All this while discussing her mother’s testamentary arrangements.
She had not felt thus for roughly fifteen years and had not expected to do so ever again.
Edward — in so far as he thought about the matter — had always assumed that his sister was a virgin. He was wrong. Other people’s sexual lives are of course deeply mysterious; even so, Edward’s assumption was understandable. To his knowledge, she had had few abiding relationships with men and not many transient ones either. It was lack of opportunity as well as his knowledge of her character that made virginity seem likely.
In fact, Helen had first gone to bed with a man when she was twenty-three. She found the whole performance embarrassing but distinctly pleasurable. She quite liked him but was not in love with him, and recognised the experience as a purely sexual one. The man made vague suggestions about keeping in touch, and then vanished. Helen settled down wretchedly to await the outcome; she doubted if the correct precautions had been taken and knew that copulation leads, more often than not, to pregnancy.
She told no one and sat it out stoically. When, on the seventeenth day, her period arrived the relief and elation she felt were like a religious experience. Indeed, she went down on her knees beside her mother in church that Sunday and thanked the Lord, furtively and guiltily. She did not say to Him that she wouldn’t do it again because she did not expect the opportunity to arise. Nor did it, for quite a while.

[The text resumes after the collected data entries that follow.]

(* For every $n\ge 0$ the Jones–Wenzl projector $\mathrm{j}_n\in\mathrm{End}_{\mathcal{TL}_0(\Bbbk)}(\mathbf n)$ is idempotent: $\mathrm{j}_n\circ\mathrm{j}_n=\mathrm{j}_n$.
   Context: $\Bbbk$ is a field. $\mathcal{TL}_0(\Bbbk)$ is the strict $\Bbbk$-linear monoidal category with objects $\mathbf 0,\mathbf 1,\dots$, $\mathbf m\otimes\mathbf n=\mathbf{m+n}$, generated by $\mathrm{cup}:\mathbf 0\to\mathbf 2$ and $\mathrm{cap}:\mathbf 2\to\mathbf 0$ subject to $(\mathrm{id}_{\mathbf 1}\otimes\mathrm{cap})\circ(\mathrm{cup}\otimes\mathrm{id}_{\mathbf 1})=0=(\mathrm{cap}\otimes\mathrm{id}_{\mathbf 1})\circ(\mathrm{id}_{\mathbf 1}\otimes\mathrm{cup})$ and $\mathrm{cap}\circ\mathrm{cup}=\mathrm{id}_{\mathbf 0}$. A subset $I\subseteq\{1,\dots,n\}$ is apt if $n\notin I$ and $i\in I$ implies $i-1,i+1\notin I$. For apt $I$, $\mathrm{cap}_{I,n}:\mathbf n\to\mathbf{n-2|I|}$ is the diagram with a cap joining strands $i$ and $i+1$ for each $i\in I$ and through-strands elsewhere, and $\mathrm{cup}_{I,n}:\mathbf{n-2|I|}\to\mathbf n$ is its reflection (cups in the same positions). Define $\mathrm{j}_n=\sum_{I\subseteq\{1,\dots,n\}\text{ apt}}(-1)^{|I|}\,\mathrm{cup}_{I,n}\circ\mathrm{cap}_{I,n}$. *)

(* The category TL_0(k) is encoded by its presentation:
   morphisms are formal k-linear combinations of (untyped) syntax terms built
   from identities, cup, cap, composition and tensor product, modulo the
   smallest k-linear congruence containing the strict monoidal category axioms
   and the three defining relations of TL_0(k). *)
From mathcomp Require Import all_boot all_order all_algebra.
Set Implicit Arguments. Unset Strict Implicit. Unset Printing Implicit Defensive.
Import GRing.Theory.
Local Open Scope ring_scope.

(* Syntax of morphisms.  TComp f g  means  f \o g  (g first). *)
Inductive tl_term : Type :=
| TId of nat
| TCup
| TCap
| TComp of tl_term & tl_term
| TTens of tl_term & tl_term.

Fixpoint ty (t : tl_term) : option (nat * nat) :=
  match t with
  | TId n => Some (n, n)
  | TCup => Some (0%N, 2%N)
  | TCap => Some (2%N, 0%N)
  | TComp f g =>
      match ty f, ty g with
      | Some (b, c), Some (a, b') => if b == b' then Some (a, c) else None
      | _, _ => None
      end
  | TTens f g =>
      match ty f, ty g with
      | Some (a, b), Some (c, d) => Some ((a + c)%N, (b + d)%N)
      | _, _ => None
      end
  end.

Definition typed (t : tl_term) : Prop := exists mn, ty t = Some mn.

Inductive tl_ax : tl_term -> tl_term -> Prop :=
| ax_comp_assoc f g h : typed (TComp (TComp f g) h) ->
    tl_ax (TComp (TComp f g) h) (TComp f (TComp g h))
| ax_comp_idl f m n : ty f = Some (m, n) -> tl_ax (TComp (TId n) f) f
| ax_comp_idr f m n : ty f = Some (m, n) -> tl_ax (TComp f (TId m)) f
| ax_tens_assoc f g h : typed f -> typed g -> typed h ->
    tl_ax (TTens (TTens f g) h) (TTens f (TTens g h))
| ax_tens_unitl f : typed f -> tl_ax (TTens (TId 0) f) f
| ax_tens_unitr f : typed f -> tl_ax (TTens f (TId 0)) f
| ax_tens_id m n : tl_ax (TTens (TId m) (TId n)) (TId (m + n))
| ax_interchange f g f' g' : typed (TComp f f') -> typed (TComp g g') ->
    tl_ax (TComp (TTens f g) (TTens f' g')) (TTens (TComp f f') (TComp g g'))
| ax_circle : tl_ax (TComp TCap TCup) (TId 0).

(* The zigzag relations of TL_0: these morphisms are 0. *)
Inductive tl_ax0 : tl_term -> Prop :=
| ax_zigzag1 : tl_ax0 (TComp (TTens (TId 1) TCap) (TTens TCup (TId 1)))
| ax_zigzag2 : tl_ax0 (TComp (TTens TCap (TId 1)) (TTens (TId 1) TCup)).

Section Lin.
Variable k : fieldType.

Definition lincomb := seq (k * tl_term).

Definition scale_lc (c : k) (l : lincomb) : lincomb :=
  [seq (c * p.1, p.2) | p <- l].
Definition comp_lc (l1 l2 : lincomb) : lincomb :=
  [seq (p.1 * q.1, TComp p.2 q.2) | p <- l1, q <- l2].
Definition tens_lc (l1 l2 : lincomb) : lincomb :=
  [seq (p.1 * q.1, TTens p.2 q.2) | p <- l1, q <- l2].

Inductive tl_eq : lincomb -> lincomb -> Prop :=
| tl_refl l : tl_eq l l
| tl_sym l l' : tl_eq l l' -> tl_eq l' l
| tl_trans l1 l2 l3 : tl_eq l1 l2 -> tl_eq l2 l3 -> tl_eq l1 l3
| tl_cat l1 l1' l2 l2' : tl_eq l1 l1' -> tl_eq l2 l2' ->
    tl_eq (l1 ++ l2) (l1' ++ l2')
| tl_swap x y : tl_eq [:: x; y] [:: y; x]
| tl_merge a b t : tl_eq [:: (a, t); (b, t)] [:: (a + b, t)]
| tl_zero t : tl_eq [:: (0, t)] [::]
| tl_scale c l l' : tl_eq l l' -> tl_eq (scale_lc c l) (scale_lc c l')
| tl_compl t l l' : tl_eq l l' ->
    tl_eq (comp_lc [:: (1, t)] l) (comp_lc [:: (1, t)] l')
| tl_compr t l l' : tl_eq l l' ->
    tl_eq (comp_lc l [:: (1, t)]) (comp_lc l' [:: (1, t)])
| tl_tensl t l l' : tl_eq l l' ->
    tl_eq (tens_lc [:: (1, t)] l) (tens_lc [:: (1, t)] l')
| tl_tensr t l l' : tl_eq l l' ->
    tl_eq (tens_lc l [:: (1, t)]) (tens_lc l' [:: (1, t)])
| tl_ax_eq s t : tl_ax s t -> tl_eq [:: (1, s)] [:: (1, t)]
| tl_ax0_eq s : tl_ax0 s -> tl_eq [:: (1, s)] [::].

End Lin.

(* Strands are numbered 0..n-1 here (strand i+1 of the paper). *)
Definition apt (n : nat) (I : {set 'I_n}) : bool :=
  [forall i : 'I_n, (i \in I) ==>
     ((i.+1 < n)%N && [forall j in I, val j != i.+1])].

(* strands i, i+1, ..., i+m-1 ; P j : a cap (resp. cup) starts at strand j *)
Fixpoint capT_aux (P : nat -> bool) (i m : nat) : tl_term :=
  match m with
  | 0 => TId 0
  | 1 => TId 1
  | S ((S m') as m1) =>
      if P i then TTens TCap (capT_aux P i.+2 m')
      else TTens (TId 1) (capT_aux P i.+1 m1)
  end.

Fixpoint cupT_aux (P : nat -> bool) (i m : nat) : tl_term :=
  match m with
  | 0 => TId 0
  | 1 => TId 1
  | S ((S m') as m1) =>
      if P i then TTens TCup (cupT_aux P i.+2 m')
      else TTens (TId 1) (cupT_aux P i.+1 m1)
  end.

Dorothy’s attitude to sex was one of withering contempt. She did not disapprove, she despised. The subject brought out in her a particular look — an expression of obstinate rejection, a clamping of the mouth, a hardening of the eye. Each time Helen saw it she thought of her father, and shivered for him.
Louise, at sixteen, discovered boys. The row with Dorothy and Louise’s flight to London and to art school was about sex rather more than about educational opportunity. Dorothy had opened the front door at the wrong moment late one evening and discovered Louise on the top step, in a fervent embrace with the publican’s son. The ensuing commotion kept everyone up till the small hours of the morning. ‘You’re disgusting!’ bawled Dorothy.
‘You’re a revolting little trollop, do you hear me?’ And Louise, incoherent and weeping but primed with righteous outrage, shouted back that Dorothy didn’t own her, that other people’s mothers didn’t … that every other teenager in the country … that this wasn’t the nineteenth century, for heaven’s sake!
Louise and Dorothy kept up a spasmodic battle about Louise’s sex-life until Louise married Tim, at which point Dorothy lost interest. Helen and Edward were an altogether simpler matter.
So far as Dorothy was concerned they had nothing to do with that sort of thing; they weren’t ‘silly’ like Louise. When Helen struck up friendships with men Dorothy moved into the offensive with a strategy of disparagement: ‘That poor young man — one wonders what he can possibly fetch up doing, with that voice and those looks.’ She was given to assessing people in terms of appearance. Girls were classified as pretty girls, nice girls and clever girls. Pretty was best; clever was worst. One could not help noting that Dorothy herself, in youth, could not have fallen into any of these categories, but then Dorothy always saw herself as apart. Not in any sense of superiority: simply as apart. There was her, and there was the rest of the world.